Desta forma, decide a igreja, por
exemplo que o consumo de álcool em qualquer circunstância é pecado, mesmo que
não haja nada sobre este ponto nas Escrituras a não ser prevenindo o abuso da
substância. Entretanto, o chocolate, igualmente nocivo à saúde permanece liberado
irrestritamente. Não se trata aqui de querer ou não consumir bebida alcóolica,
mas de onde vem a autoridade para a comunidade dizer o que é a vontade de Deus
se ela não está escrita. De forma semelhante, o Credo Apostólico, usado por
toda a cristandade como uma declaração de fé é rejeitado, não pelas suas
afirmações, mas pela “prudência cristã” em não se assemelhar aos que praticam
orações repetitivas. A igreja assim decidira que não convém, isto vale como regra,
quem a viola, peca!
O que fazer então com este pecador?
Dele espera-se a autodisciplina, mas se não houver, a comunidade espera que o
seu pastor o faça!
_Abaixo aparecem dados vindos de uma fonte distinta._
(* Let $\mathcal{M}_\|$ be a two-dimensional timelike plane through the origin in $\mathbb{R}^{1+s}$ and $\mathcal{M}_\perp$ its Minkowski-orthogonal complement. Let $a_\pm\in\mathbb{R}^{1+s}$ satisfy $(a_+-a_-)_\|\in V_+$, where $y_\|$ denotes the component of $y$ in $\mathcal{M}_\|$ under the decomposition $\mathbb{R}^{1+s}=\mathcal{M}_\|\oplus\mathcal{M}_\perp$. Then the set $G:=\big((a_++\overline{V}_+)\cup(a_-+\overline{V}_-)\big)+\mathcal{M}_\perp$ has property $\mathbf{lts}(\mathcal{M}_\|)$.
   Context: $\mathbb{R}^{1+s}$ is Minkowski space with metric $xy=x_0y_0-\vec x\cdot\vec y$; $V_\pm$ open forward/backward light cones, $\overline{V}_\pm$ their closures. For a two-dimensional timelike plane $\mathcal{M}_\|$ through the origin, a set $G\subset\mathbb{R}^{1+s}$ has property $\mathbf{lts}(\mathcal{M}_\|)$ if every $p\in G$ has an open neighbourhood $\mathcal{N}_p$ invariant under translations by $\mathcal{M}_\|$ such that $G\cap\mathcal{N}_p\subset(a_+(p)+V_+)\cup(a_-(p)+V_-)$ for some $a_\pm(p)\in\mathbb{R}^{1+s}$ with $a_+(p)-a_-(p)\in V_+$. *)

From HB Require Import structures.
From mathcomp Require Import all_boot all_order all_algebra.
From mathcomp Require Import all_classical all_reals all_analysis.
Set Implicit Arguments. Unset Strict Implicit. Unset Printing Implicit Defensive.
Import Order.TTheory GRing.Theory Num.Theory.
Import numFieldNormedType.Exports.
Local Open Scope classical_set_scope.
Local Open Scope ring_scope.

(* Minkowski space R^{1+s} is 'rV[R]_(s.+1); coordinate 0 is time. *)
Definition mink (R : realType) (s : nat) (x y : 'rV[R]_(s.+1)) : R :=
  x ord0 ord0 * y ord0 ord0
  - \sum_(i < s) x ord0 (lift ord0 i) * y ord0 (lift ord0 i).

Definition Vplus (R : realType) (s : nat) : set 'rV[R]_(s.+1) :=
  [set x | 0 < mink x x /\ 0 < x ord0 ord0].
Definition Vminus (R : realType) (s : nat) : set 'rV[R]_(s.+1) :=
  [set x | 0 < mink x x /\ x ord0 ord0 < 0].

Definition translate (R : realType) (s : nat) (a : 'rV[R]_(s.+1))
  (S : set 'rV[R]_(s.+1)) : set 'rV[R]_(s.+1) :=
  [set x | exists2 y, S y & x = a + y].

Definition setsum (R : realType) (s : nat) (A B : set 'rV[R]_(s.+1))
  : set 'rV[R]_(s.+1) :=
  [set x | exists y, exists z, [/\ A y, B z & x = y + z]].

Definition timelike_plane (R : realType) (s : nat)
  (M : {vspace 'rV[R]_(s.+1)}) : Prop :=
  (\dim M = 2)%N /\ exists2 v, v \in M & 0 < mink v v.

Definition mperp (R : realType) (s : nat) (M : {vspace 'rV[R]_(s.+1)})
  : set 'rV[R]_(s.+1) :=
  [set y | forall x, x \in M -> mink x y = 0].

Definition lts (R : realType) (s : nat) (M : {vspace 'rV[R]_(s.+1)})
  (G : set 'rV[R]_(s.+1)) : Prop :=
  forall p, G p ->
    exists N : set 'rV[R]_(s.+1),
      [/\ open N, N p,
          (forall x m, N x -> m \in M -> N (x + m)) &
          exists ap am : 'rV[R]_(s.+1),
            Vplus (ap - am) /\
            G `&` N `<=` translate ap (@Vplus R s) `|` translate am (@Vminus R s)].

From HB Require Import structures.
From mathcomp Require Import all_boot all_order all_algebra.
From mathcomp Require Import all_classical all_reals all_analysis.
From mathcomp Require Import ring lra.
Import Order.TTheory GRing.Theory Num.Theory.
Import numFieldNormedType.Exports.
Local Open Scope classical_set_scope.
Local Open Scope ring_scope.
Set Implicit Arguments. Unset Strict Implicit. Unset Printing Implicit Defensive.

(* Since [M] contains the timelike [u], Gram-Schmidt started from [u] yields a
   projection [q] onto the Minkowski-orthogonal complement of [M] along [M]:
   every later vector is orthogonal to [u], hence spacelike or zero, so no
   division by a vanishing square occurs.
   Near [p] in [G] take [N = {x | - q(x-p).q(x-p) < u.u/16}], open and
   invariant under translations by [M].  For [x = a+ + k + z] in [N] with [k]
   in the closed forward cone and [z] orthogonal to [M], put
   [a+' = a+ - q a+ + q p - u/4]: then [x - a+' = (k - q k) + u/4 + q(x-p)],
   whose square exceeds [(k - q k).(k - q k) >= k.k >= 0] because [q k] is
   spacelike, and whose product with [u] is positive, so it is future timelike.
   Symmetrically [a-' = a- - q a- + q p + u/4] handles the backward cone, and
   [a+' - a-' = u/2] is future timelike. *)

Section MinkowskiForm.
Variables (R : realType) (s : nat).
Implicit Types (a : R) (x y z v e : 'rV[R]_(s.+1)).

Definition spatial_dot x y :=
  \sum_(i < s) x ord0 (lift ord0 i) * y ord0 (lift ord0 i).

Lemma minkE x y : mink x y = x ord0 ord0 * y ord0 ord0 - spatial_dot x y.
Proof. by []. Qed.

Lemma minkC x y : mink x y = mink y x.
Proof.
rewrite !minkE mulrC; congr (_ - _).
by apply: eq_bigr => i _; rewrite mulrC.
Qed.

Lemma minkDl x y z : mink (x + y) z = mink x z + mink y z.
Proof.
rewrite !minkE /spatial_dot !mxE.
under eq_bigr do rewrite !mxE mulrDl.
rewrite big_split /=; ring.
Qed.

Lemma minkZl a x z : mink (a *: x) z = a * mink x z.
Proof.
rewrite !minkE /spatial_dot !mxE.
under eq_bigr do rewrite !mxE -mulrA.
rewrite -mulr_sumr; ring.
Qed.

Lemma mink0l z : mink 0 z = 0.
Proof. by rewrite -(scale0r 0) minkZl mul0r. Qed.

Lemma minkNl x z : mink (- x) z = - mink x z.
Proof. by rewrite -scaleN1r minkZl mulN1r. Qed.

Lemma minkBl x y z : mink (x - y) z = mink x z - mink y z.
Proof. by rewrite minkDl minkNl. Qed.

Lemma mink_suml I (r : seq I) (P : pred I) (F : I -> 'rV[R]_(s.+1)) z :
  mink (\sum_(i <- r | P i) F i) z = \sum_(i <- r | P i) mink (F i) z.
Proof. exact: (big_morph (fun x => mink x z) (fun x y => minkDl x y z) (mink0l z)). Qed.

Lemma minkDr x y z : mink z (x + y) = mink z x + mink z y.
Proof. by rewrite !(minkC z) minkDl. Qed.

Lemma minkZr a x z : mink z (a *: x) = a * mink z x.
Proof. by rewrite !(minkC z) minkZl. Qed.

Lemma minkNr x z : mink z (- x) = - mink z x.
Proof. by rewrite !(minkC z) minkNl. Qed.

Lemma mink_sumr I (r : seq I) (P : pred I) (F : I -> 'rV[R]_(s.+1)) z :
  mink z (\sum_(i <- r | P i) F i) = \sum_(i <- r | P i) mink z (F i).
Proof. by rewrite minkC mink_suml; under eq_bigr do rewrite minkC. Qed.

Lemma spatial_dot_ge0 x : 0 <= spatial_dot x x.
Proof. by apply: sumr_ge0 => i _; rewrite -expr2 sqr_ge0. Qed.

Lemma spatial_dot_eq0 x :
  x ord0 ord0 = 0 -> spatial_dot x x = 0 -> x = 0.
Proof.
move=> x0 /eqP; rewrite psumr_eq0 => [/allP xi0|i _]; last first.
  by rewrite -expr2 sqr_ge0.
apply/rowP => j; rewrite mxE; case: (unliftP ord0 j) => [i ->|->] //.
by apply/eqP; move: (xi0 i (mem_index_enum _)); rewrite mulf_eq0 orbb.
Qed.

(* Cauchy-Schwarz for the spatial parts, in a square-root-free form. *)
Lemma spatial_cauchy_schwarz x y :
  2 * (x ord0 ord0 * y ord0 ord0) * spatial_dot x y <=
  y ord0 ord0 ^+ 2 * spatial_dot x x + x ord0 ord0 ^+ 2 * spatial_dot y y.
Proof.
set a := x ord0 ord0; set b := y ord0 ord0; rewrite -subr_ge0.
have sq_ge0 : 0 <= \sum_(i < s)
    (b * x ord0 (lift ord0 i) - a * y ord0 (lift ord0 i)) ^+ 2.
  by apply: sumr_ge0 => i _; rewrite sqr_ge0.
congr (_ <= _): sq_ge0.
by rewrite /spatial_dot !mulr_sumr -big_split -sumrB /=; apply: eq_bigr => i _; ring.
Qed.

Lemma mink_orth_timelike_eq0 e x :
  0 < mink e e -> mink x e = 0 -> 0 <= mink x x -> x = 0.
Proof.
rewrite !minkE => ee xe xx; have := spatial_cauchy_schwarz x e.
have := spatial_dot_ge0 x; have := spatial_dot_ge0 e.
set x0 := x ord0 ord0 in xe xx *; set e0 := e ord0 ord0 in ee xe *.
set Sx := spatial_dot x x in xx *; set Se := spatial_dot e e in ee *.
rewrite (_ : spatial_dot x e = x0 * e0); last by lra.
move=> Se0 Sx0 cs; have x00 : x0 = 0.
  have e0_Se : 0 < e0 ^+ 2 - Se by nra.
  have : x0 ^+ 2 * (e0 ^+ 2 - Se) <= 0 by nra.
  by rewrite pmulr_lle0 // => x0_le0; apply/eqP; rewrite -sqrf_eq0 eq_le x0_le0 sqr_ge0.
by apply: spatial_dot_eq0 => //; rewrite -/Sx; move: xx; rewrite x00; lra.
Qed.

Lemma mink_orth_timelike_le0 e x :
  0 < mink e e -> mink x e = 0 -> mink x x <= 0.
Proof.
move=> ee xe; rewrite leNgt; apply/negP => /[dup] xx.
move=> /ltW /(mink_orth_timelike_eq0 ee xe) x0.
by move: xx; rewrite x0 mink0l ltxx.
Qed.

Lemma mink_timelike_gt0 x y : 0 < mink x x -> 0 < mink y y ->
  0 < x ord0 ord0 * y ord0 ord0 -> 0 < mink x y.
Proof.
rewrite !minkE => xx yy xy; have := spatial_cauchy_schwarz x y.
have := spatial_dot_ge0 x; have := spatial_dot_ge0 y.
set x0 := x ord0 ord0 in xx xy *; set y0 := y ord0 ord0 in yy xy *.
set Sx := spatial_dot x x in xx *; set Sy := spatial_dot y y in yy *.
set Sxy := spatial_dot x y => Sy0 Sx0 cs.
have : 2 * (x0 * y0) * Sxy < 2 * (x0 * y0) ^+ 2 by nra.
nra.
Qed.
Note-se que aqui não estamos falando apenas do viver
espiritual, mas do viver quotidiano sobre questões pessoais, como o gosto por
esportes (há os que condenem esportes de contato como brechas para o diabo),
vida em família, educação dos filhos, etc...
Artes marciais, em algumas
igrejas, é pecado (e sim, sempre fui muito condenado por isto, Deus abomina
violência, logo eu pecava e ainda levava outros a pecarem), recitar o Credo
como um resumo de sua fé em Deus, é pecado, não educar os filhos numa escola
confessional, pecado! Um cristão que toque músicas não-cristãs, peca! (embora
nada seja dito do professor que ensina não cristãos sem entrar no mérito da
religião com seus respectivos alunos). Note-se que sobre estas coisas, não há
nenhuma disposição bíblica. Estes regulamentos são da comunidade dos membros,
qualquer novo membro, é convidado a aceitar as regras da casa.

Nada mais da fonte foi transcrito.